Alejandro tomó con cuidado al bebé en sus brazos. Pero al mirar sus ojos, su corazón se estremeció. Eran los mismos ojos oscuros y profundos que los suyos. Y esos mismos hoyuelos discretos en las mejillas… igual que los que él tenía de niño.
Los ruidos de la habitación se desvanecieron, todo se alejó como en una niebla. Entonces vio la marca: un pequeño lunar en forma de lágrima en el hombro del niño.
Un signo raro, herencia de familia, transmitido por su abuelo, su padre y luego a él. Ahora, esa prueba latía en el cuerpo de ese bebé.
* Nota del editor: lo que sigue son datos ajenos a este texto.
(* Let x be the hop distance from u in the unweighted sparsifier, truncated
   at s = d(u, v).  It changes by at most 1 across every edge of H, so its
   energy x^T L_H x is at most the total weight of H, which is tr L_H / 2
   <= tr L_G / (2 (1 - eps)) = m / (1 - eps); moreover x^T L_G x
   <= (1 + eps) x^T L_H x.  As b_uv lies in the range of L when u and v
   are connected, Cauchy-Schwarz for the form of L gives
   (x_u - x_v)^2 <= R_uv x^T L x, i.e. s^2 <= R_uv O(m) for both G and H:
   the bound even holds without polylogarithmic loss. *)

From HB Require Import structures.
From Stdlib Require Import Reals ClassicalEpsilon.
From mathcomp Require Import all_boot all_order all_algebra.
From mathcomp Require Import Rstruct.
From mathcomp Require Import ring lra.
Import Order.TTheory GRing.Theory Num.Theory.
Set Implicit Arguments. Unset Strict Implicit. Unset Printing Implicit Defensive.
Local Open Scope ring_scope.

Definition qform (n : nat) (A : 'M[R]_n) (x y : 'rV[R]_n) : R := (x *m A *m y^T) 0 0.

Section QuadraticForm.
Variables (n : nat) (A : 'M[R]_n).

Lemma qformDZ (x y : 'rV[R]_n) (t : R) :
  qform A (x + t *: y) (x + t *: y) =
  qform A x x + t * (qform A x y + qform A y x) + t ^+ 2 * qform A y y.
Proof.
rewrite /qform linearD linearZ /= mulmxDl mulmxDr !mulmxDl -!scalemxAl -!scalemxAr.
by rewrite !mxE; ring.
Qed.

Hypothesis A_sym : A^T = A.

Lemma qformC (x y : 'rV[R]_n) : qform A x y = qform A y x.
Proof.
rewrite /qform; have -> : x *m A *m y^T = (y *m A *m x^T)^T.
  by rewrite !trmx_mul trmxK A_sym mulmxA.
by rewrite mxE.
Qed.

Hypothesis A_psd : forall z : 'rV[R]_n, 0 <= qform A z z.

Lemma qform_cauchy_schwarz (x y : 'rV[R]_n) :
  qform A x y ^+ 2 <= qform A x x * qform A y y.
Proof.
(* Minimise the nonnegative quadratic t |-> q(x + t y). *)
have Q t : 0 <= qform A x x + t * (qform A x y + qform A x y) + t ^+ 2 * qform A y y.
  by rewrite {2}[qform A x y]qformC -qformDZ.
set a := qform A x x in Q *; set b := qform A x y in Q *; set c := qform A y y in Q *.
have [c0|c_neq0] := eqVneq c 0.
  have [b0|b_neq0] := eqVneq b 0; first by rewrite b0 c0 expr0n mulr0.
  have bb_neq0 : b + b != 0 by rewrite -mulr2n mulrn_eq0 negb_or b_neq0.
  have := Q (- (a + 1) / (b + b)); rewrite c0 mulr0 addr0 mulfVK //.
  lra.
have c_gt0 : 0 < c by rewrite lt_def c_neq0 A_psd.
have := Q (- b / c); rewrite -(ler_pM2l c_gt0) mulr0.
set t := - b / c; have ct : c * t = - b by rewrite /t mulrCA divff // mulr1.
nra.
Qed.
End QuadraticForm.

Lemma qformZ (n : nat) (c : R) (A : 'M[R]_n) (x y : 'rV[R]_n) :
  qform (c *: A) x y = c * qform A x y.
Proof. by rewrite /qform -scalemxAr -scalemxAl mxE. Qed.

Lemma loewner_le_mxtrace (n : nat) (A B : 'M[R]_n) :
  loewner_le A B -> \tr A <= \tr B.
Proof.
have diag (M : 'M[R]_n) i : qform M (delta_mx 0 i) (delta_mx 0 i) = M i i.
  by rewrite /qform trmx_delta -rowE -colE !mxE.
by move=> AB; apply: ler_sum => i _; rewrite -!diag; apply: AB.
Qed.

Lemma dot_self_eq0 (n : nat) (x : 'rV[R]_n) : (x *m x^T) 0 0 = 0 -> x = 0.
Proof.
rewrite mxE => /eqP; rewrite psumr_eq0 => [/allP x2_eq0|i _]; last first.
  by rewrite mxE -expr2 sqr_ge0.
apply/rowP => j; have := x2_eq0 j (mem_index_enum _).
by rewrite mxE -expr2 sqrf_eq0 mxE => /eqP.
Qed.

Lemma dot_bvec (n : nat) (x : 'rV[R]_n) (a b : 'I_n) :
  (x *m (bvec a b)^T) 0 0 = x 0 a - x 0 b.
Proof. by rewrite /bvec linearB /= !trmx_delta mulmxBr -!colE !mxE. Qed.

Lemma row_free_gram_unit (r m : nat) (F : 'M[R]_(r, m)) :
  row_free F -> F *m F^T \in unitmx.
Proof.
move=> F_free; rewrite -row_free_unit; apply: inj_row_free => x xFF0.
have xF0 : x *m F = 0.
  by apply: dot_self_eq0; rewrite trmx_mul mulmxA -(mulmxA x) xFF0 mul0mx mxE.
by apply/eqP; rewrite -(mulmx_free_eq0 _ F_free) xF0.
Qed.

(* For a full-rank factorization A = F G, the pseudoinverse is
   G^T (G G^T)^-1 (F^T F)^-1 F^T. *)
Lemma full_rank_factor_MP_pinv (n r : nat) (F : 'M[R]_(n, r)) (G : 'M[R]_(r, n)) :
  row_free G -> row_free F^T -> exists X, is_MP_pinv (F *m G) X.
Proof.
move=> /row_free_gram_unit uG /row_free_gram_unit; rewrite trmxK => uF.
set P := invmx (G *m G^T); set Q := invmx (F^T *m F).
have GP k (M : 'M_(k, r)) : M *m G *m G^T *m P = M.
  by rewrite -!mulmxA (mulmxA G) mulmxV // mulmx1.
have QF k (M : 'M_(k, r)) : M *m Q *m F^T *m F = M.
  by rewrite -!mulmxA mulVmx // mulmx1.
have PT : P^T = P by rewrite /P trmx_inv trmx_mul trmxK.
have QT : Q^T = Q by rewrite /Q trmx_inv trmx_mul trmxK.
exists (G^T *m P *m Q *m F^T); split; rewrite !mulmxA ?GP ?QF //.
  by rewrite !trmx_mul trmxK QT !mulmxA.
by rewrite !trmx_mul trmxK PT !mulmxA.
Qed.

Lemma mp_pinvP (n : nat) (A : 'M[R]_n) : is_MP_pinv A (mp_pinv A).
Proof.
apply: epsilon_spec; rewrite -(mulmx_base A).
apply: full_rank_factor_MP_pinv; first exact: row_base_free.
by rewrite /row_free mxrank_tr; exact: col_base_full.
Qed.

Section Laplacian.
Variables (n : nat) (E : {set 'I_n * 'I_n}) (w : 'I_n * 'I_n -> R).
Local Notation L := (laplacian E w).

Lemma qform_laplacian (x y : 'rV[R]_n) :
  qform L x y = \sum_(p in E) w p * ((x 0 p.1 - x 0 p.2) * (y 0 p.1 - y 0 p.2)).
Proof.
rewrite /qform /laplacian mulmx_sumr mulmx_suml summxE; apply: eq_bigr => p _.
rewrite -scalemxAr -scalemxAl mxE.
have -> (b : 'rV[R]_n) : x *m (b^T *m b) *m y^T = (x *m b^T) *m (y *m b^T)^T.
  by rewrite trmx_mul trmxK !mulmxA.
by rewrite -!dot_bvec [(_ *m _) 0 0]mxE big_ord1 [_^T _ _]mxE.
Qed.

Lemma laplacian_sym : L^T = L.
Proof.
rewrite /laplacian linear_sum; apply: eq_bigr => p _.
by rewrite linearZ /= trmx_mul trmxK.
Qed.

Lemma mxtrace_laplacian : simple_edges E -> \tr L = 2 * \sum_(p in E) w p.
Proof.
move=> E_simple; rewrite /laplacian raddf_sum mulr_sumr; apply: eq_bigr => p pE.
rewrite /= mxtraceZ mxtrace_mulC mulrC; congr (_ * _).
rewrite /mxtrace big_ord1 dot_bvec !mxE !eqxx.
have /negPf p_ne : p.1 != p.2 by rewrite -val_eqE ltn_eqF ?E_simple.
by rewrite p_ne eq_sym p_ne /=; lra.
Qed.

Section NonnegativeWeights.
Hypothesis w_ge0 : forall p, p \in E -> 0 <= w p.

Lemma laplacian_psd (x : 'rV[R]_n) : 0 <= qform L x x.
Proof.
rewrite qform_laplacian; apply: sumr_ge0 => p pE.
by rewrite mulr_ge0 ?w_ge0 // -expr2 sqr_ge0.
Qed.

Lemma qform_laplacian_le_weight (x : 'rV[R]_n) :
  (forall p, p \in E -> (x 0 p.1 - x 0 p.2) ^+ 2 <= 1) ->
  qform L x x <= \sum_(p in E) w p.
Proof.
move=> x_lip; rewrite qform_laplacian; apply: ler_sum => p pE.
by rewrite -expr2 ler_piMr ?w_ge0 ?x_lip.
Qed.
End NonnegativeWeights.

Hypothesis w_gt0 : forall p, p \in E -> 0 < w p.

Lemma laplacian_kernel_path (z : 'rV[R]_n) (u : 'I_n) (p : seq 'I_n) :
  L *m z^T = 0 -> path (unw_adj E) u p -> z 0 u = z 0 (last u p).
Proof.
move=> Lz0.
have z_edge q : q \in E -> z 0 q.1 = z 0 q.2.
  move=> qE; apply/eqP; rewrite -subr_eq0 -sqrf_eq0.
  have : qform L z z == 0 by rewrite /qform -mulmxA Lz0 mulmx0 mxE.
  rewrite qform_laplacian psumr_eq0 => [/allP/(_ q (mem_index_enum _))|r rE].
    by rewrite qE mulf_eq0 (gt_eqF (w_gt0 qE)) expr2.
  by rewrite mulr_ge0 ?(ltW (w_gt0 rE)) // -expr2 sqr_ge0.
elim: p u => //= a p IH u /andP[ua ap]; rewrite -IH //.
by case/orP: ua => [/z_edge | /z_edge ->].
Qed.
End Laplacian.

Section EffectiveResistance.
Variables (n : nat) (E : {set 'I_n * 'I_n}) (w : 'I_n * 'I_n -> R).
Variables (u v : 'I_n) (p : seq 'I_n).
Hypothesis w_gt0 : forall q, q \in E -> 0 < w q.
Hypotheses (p_path : path (unw_adj E) u p) (p_last : last u p = v).
Local Notation L := (laplacian E w).
Local Notation X := (mp_pinv L).
Local Notation b := (bvec u v).

Let w_ge0 q (qE : q \in E) : 0 <= w q := ltW (w_gt0 qE).

(* b_uv is orthogonal to the kernel of L, which is spanned by the indicators
   of connected components; hence X L, the projection onto the row space of L,
   fixes it. *)
Lemma bvec_pinv_laplacian : b *m X *m L = b.
Proof.
have [LXL _ _ XL_sym] := mp_pinvP L.
set z := b - b *m X *m L.
have Lz0 : L *m z^T = 0.
  by rewrite linearB /= mulmxBr -mulmxA trmx_mul XL_sym !mulmxA LXL subrr.
have zXL0 : z *m X *m L = 0.
  have -> : z *m X *m L = (X *m (L *m z^T))^T.
    by rewrite -mulmxA -XL_sym !trmx_mul trmxK laplacian_sym mulmxA.
  by rewrite Lz0 mulmx0 trmx0.
have zb0 : (z *m b^T) 0 0 = 0.
  by rewrite dot_bvec -p_last (laplacian_kernel_path w_gt0 Lz0 p_path) subrr.
have /dot_self_eq0 : (z *m z^T) 0 0 = 0.
  by rewrite {2}/z linearB /= mulmxBr -(mulmxA b) trmx_mul XL_sym !mulmxA zXL0 mul0mx subr0.
by move/eqP; rewrite subr_eq0 => /eqP.
Qed.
La enfermera extendió los brazos para tomar al recién nacido. Alejandro dudó un instante, luego, con un peso casi doloroso, se lo entregó. Su mirada siguió los movimientos de la mujer que acarició con ternura la mejilla del bebé y lo llevó para limpiarlo y arroparlo.
Alejandro se acercó a la cama. Valeria volvió la cabeza, exhausta, como si quisiera escapar de su mirada.
¿Por qué… por qué nunca me lo dijiste? murmuró él con voz ronca.
Sus labios temblaron y luego las lágrimas surcaron sus mejillas.
Quise… quise decírtelo. Pero todo se derrumbaba a mi alrededor. Mis padres me presionaban, tú estabas abrumado de trabajo… temí que me odiarías, que me abandonarías.
El silencio entre ellos se hizo denso, aplastante. Alejandro tomó de nuevo al bebé, ya envuelto, en sus brazos. Sus dedos temblaban, pero en su pecho despertó una fuerza inesperada. El instinto de un padre.
Valeria… sin importar lo que haya pasado, una cosa es segura: nunca los abandonaré. Ni a ti, ni a nuestro hijo declaró con firmeza.
Ella alzó la mirada. Sus ojos, rojos de tanto llorar, brillaron con una esperanza frágil: un destello en la oscuridad.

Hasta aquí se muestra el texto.